Selective Laser Annealing Enables Higher Monolithic Magnetic Sensor Yields
Suitable for GMR or TMR (Giant or Tunneling Magnetoresistance) Sensors
Magnetic sensors are a rapidly growing technology to help fulfill the promise of a world with intelligent electronic devices in every machine and every pocket. Magnetic sensors can be found in consumer electronics such as rotation sensors and e-compasses in smartphones and virtual reality headsets, in appliances such as linear position sensors and angle sensors for brushless DC motors, and in automotive applications such as power steering angle detection and electronic throttle control. Selective laser annealing enables magnetic processing of monolithic integrated sensors.
Laser annealing for setting the magnetic orientation
Programming GMR and TMR magnetic sensors involves setting the magnetic orientation of the reference (fixed) magnetic layer in the desired sensitivity direction. This programming – also known as pinning – can be accomplished by heating the sensor structure above the magnetic blocking temperature of the antiferromagnetic film that is adjacent to and that normally freezes the reference layer magnetization while applying an external magnetic field large enough to saturate the reference layer in the new chosen direction. Upon cooling in the external field, the saturated reference layer becomes fixed, or pinned, in the programmed direction.
The traditional approach has some major disadvantages
Thermal annealing has traditionally been used to achieve pinning. While this approach can enable batch processing of large numbers of wafers simultaneously, a key disadvantage of thermal annealing is the potential for process non-uniformity (temperature or magnetic field conditions) within wafers, or from wafer-to-wafer in batch processing. Another major disadvantage is the difficulty in targeting different parts of the same wafer for different programming conditions, which is necessary to organize two or four separate sensors within a single sensor chip in standard Wheatstone-bridge configurations to boost sensitivity and improve temperature stability. Multiple-die approaches to solve this problem are expensive and difficult to implement accurately, resulting in limited miniaturization, lower performance, and higher cost.

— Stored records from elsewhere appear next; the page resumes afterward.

(* Let $N\ge1$ and let $(A_N,H_N,D_N)$ be the fuzzy sphere spectral triple described in the context. Then the space of junk $2$-forms $$J^2=\Big\{\sum_j[D_N,a_j][D_N,b_j]\ :\ a_j,b_j\in A_N,\ \sum_ja_j[D_N,b_j]=0\Big\}\subseteq A_N\otimes_{\mathbb{C}}M_2(\mathbb{C})$$ is equal to the subspace $\{Y\otimes_{\mathbb{C}}1:Y\in A_N\}$.
   Context: Let $J_1,J_2,J_3$ be a basis of $su(2)$ with $[J_k,J_l]=\sum_m\epsilon_{klm}J_m$ ($\epsilon_{123}=1$, totally antisymmetric). For $n\ge0$, $\rho_{n/2}$ is the $(n+1)$-dimensional irreducible unitary representation of $su(2)$ (so $\rho_{n/2}(J_k)$ are skew-Hermitian). $K_N=\oplus_{n=0}^N\mathbb{C}^{n+1}$, $X_k=\oplus_{n=0}^N\rho_{n/2}(J_k)$, $A_N=B(K_N)$, $H_N=K_N\otimes\mathbb{C}^2$ with $A_N$ acting via $a\mapsto a\otimes1$; $\tau_k$ the Pauli matrices, $\sigma_k=\sqrt{-1}\tau_k$, $D_N=\sum_kX_k\otimes\sigma_k$; $B(H_N)$ is identified with $A_N\otimes_{\mathbb{C}}M_2(\mathbb{C})$. *)

From HB Require Import structures.
From mathcomp Require Import all_boot all_order all_algebra.
From mathcomp.real_closed Require Import mxtens.
Set Implicit Arguments. Unset Strict Implicit. Unset Printing Implicit Defensive.
Import Order.TTheory GRing.Theory Num.Theory.
Local Open Scope ring_scope.

Section FuzzySphere.
Variable C : numClosedFieldType.

Definition adjmx {m n} (A : 'M[C]_(m, n)) : 'M[C]_(n, m) := (map_mx Num.conj A)^T.

Definition commx {n} (A B : 'M[C]_n) : 'M[C]_n := A *m B - B *m A.

(* Levi-Civita symbol on indices 0,1,2 (standing for 1,2,3), eps_{012} = 1 *)
Definition levi (k l m : 'I_3) : C :=
  let t := (nat_of_ord k, nat_of_ord l, nat_of_ord m) in
  if (t == (0,1,2)%N) || (t == (1,2,0)%N) || (t == (2,0,1)%N) then 1
  else if (t == (0,2,1)%N) || (t == (2,1,0)%N) || (t == (1,0,2)%N) then -1
  else 0.

(* r : 'I_3 -> 'M_n is a representation of su(2) with
   [r k, r l] = sum_m eps_{klm} r m, by skew-Hermitian matrices,
   which is irreducible (no invariant subspace other than 0 and C^n;
   a column subspace W is r-invariant iff the row space of W^T is
   stable under the r k ^T). *)
Definition su2_irrep {n} (r : 'I_3 -> 'M[C]_n) : Prop :=
  [/\ forall k l, commx (r k) (r l) = \sum_(m < 3) levi k l m *: r m,
      forall k, adjmx (r k) = - r k
    & forall U : 'M[C]_n, (forall k, stablemx U (r k)^T) ->
        (U == 0) || row_full U].

(* Pauli matrices tau_k (k = 0,1,2 standing for 1,2,3) and sigma_k = i tau_k *)
Definition pauli (k : 'I_3) : 'M[C]_2 :=
  \matrix_(i < 2, j < 2)
    if nat_of_ord k == 0%N then (if nat_of_ord i == nat_of_ord j then 0 else 1)
    else if nat_of_ord k == 1%N then
      (if nat_of_ord i == nat_of_ord j then 0
       else if nat_of_ord i == 0%N then - 'i else 'i)
    else (if nat_of_ord i == nat_of_ord j then
            (if nat_of_ord i == 0%N then 1 else -1) else 0).

Definition sigma (k : 'I_3) : 'M[C]_2 := 'i *: pauli k.

Definition fzdim (N : nat) : nat := \sum_(n < N.+1) n.+1.

(* X_k = direct sum over n = 0..N of rho_{n/2}(J_k) *)
Definition fzX (N : nat) (rho : forall n : 'I_N.+1, 'I_3 -> 'M[C]_n.+1)
  (k : 'I_3) : 'M[C]_(fzdim N) :=
  \mxdiag_(n < N.+1) rho n k.

Definition fzD (N : nat) (rho : forall n : 'I_N.+1, 'I_3 -> 'M[C]_n.+1)
  : 'M[C]_(fzdim N * 2) :=
  \sum_(k < 3) tensmx (fzX rho k) (sigma k).

(* the representation a |-> a (x) 1 of A_N = B(K_N) on H_N *)
Definition fzrep {d} (a : 'M[C]_d) : 'M[C]_(d * 2) := tensmx a (1%:M : 'M[C]_2).

Definition junk2 {d} (D : 'M[C]_(d * 2)) (M : 'M[C]_(d * 2)) : Prop :=
  exists (m : nat) (a b : 'I_m -> 'M[C]_d),
    \sum_(j < m) fzrep (a j) *m commx D (fzrep (b j)) = 0 /\
    M = \sum_(j < m) commx D (fzrep (a j)) *m commx D (fzrep (b j)).

End FuzzySphere.

From HB Require Import structures.
From mathcomp Require Import all_boot all_order all_algebra.
From mathcomp.real_closed Require Import mxtens.
From mathcomp Require Import ring.
Set Implicit Arguments.
Unset Strict Implicit.
Unset Printing Implicit Defensive.

Import Order.TTheory GRing.Theory Num.Theory.
Local Open Scope ring_scope.

(** Write Cas = Σ_k X_k² for the Casimir. The su(2) relations together with
    σ_k σ_l = -δ_kl - Σ_m ε_klm σ_m give D² = -(Cas ⊗ 1) - D. Since
    [D,a] ω = {D, a ω} - a {D, ω} and {D, [D,b]} = [D², b], a junk form
    Σ_j [D,a_j] [D,b_j] with Σ_j a_j [D,b_j] = 0 equals -Σ_j a_j [D²,b_j],
    that is (Σ_j a_j [Cas,b_j]) ⊗ 1.
    Conversely, junk forms are closed under sums and under multiplication by
    A_N ⊗ 1 on both sides, so, as M_d(C) is simple, it suffices to exhibit one
    nonzero junk form Y ⊗ 1. With P0 the projection onto the spin-0 summand
    (where all X_k vanish), the pairs (E_jq, E_qj P0) satisfy
    Σ a [M,b] = tr(M) P0 whenever P0 M = 0: the X_k are traceless, while
    tr Cas ≠ 0 because the X_k are skew-Hermitian and the spin-1/2 summand
    (present as N ≥ 1) is nonzero. *)

Lemma tensmx_is_bilinear (R : comNzRingType) m n p q : bilinear_for
  (GRing.Scale.Law.clone _ _ *:%R _) (GRing.Scale.Law.clone _ _ *:%R _)
  (@tensmx R m n p q).
Proof.
split=> [B|A] a x y; apply/matrixP => i j; rewrite !mxE.
- by rewrite mulrDl mulrA.
- by rewrite mulrDr mulrCA.
Qed.

HB.instance Definition _ (R : comNzRingType) m n p q :=
  bilinear_isBilinear.Build R 'M[R]_(m, n) 'M[R]_(p, q) 'M[R]_(m * p, n * q)
    _ _ (@tensmx R m n p q) (tensmx_is_bilinear R m n p q).

Section BlockDiagonal.
Variables (R : pzRingType) (p : nat) (p_ : 'I_p -> nat).

Lemma mul_mxdiag (A B : forall i, 'M[R]_(p_ i)) :
  \mxdiag_i A i *m \mxdiag_i B i = \mxdiag_i (A i *m B i).
Proof.
rewrite {2}/mxdiag mul_mxdiag_mxblock /mxdiag; apply/eq_mxblock => i j.
by case: eqVneq => [<-|_]; rewrite ?conform_mx_id ?mulmx0.
Qed.

Lemma scale_mxdiag c (A : forall i, 'M[R]_(p_ i)) :
  \mxdiag_i (c *: A i) = c *: \mxdiag_i A i.
Proof.
rewrite -mul_scalar_mx -(mxdiagZ (p_ := p_)) mul_mxdiag.
by apply/eq_mxdiag => i; rewrite mul_scalar_mx.
Qed.

End BlockDiagonal.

Laser annealing enables the programming of advanced sensors
Selective laser programming of magnetic sensors is a production-approved technology with many advantages. This solution significantly reduces the costs of sensor chip manufacturing by enabling a one-step process. Selective laser pinning is the most efficient technology in terms of cost, throughput, yield, sensitivity, and quality to accurately program magnet sensor devices. It can be programmed for different sensor and wafer designs using a recipe. Both types of sensors, GMR and TMR, can be processed – simply by selecting the appropriate recipe.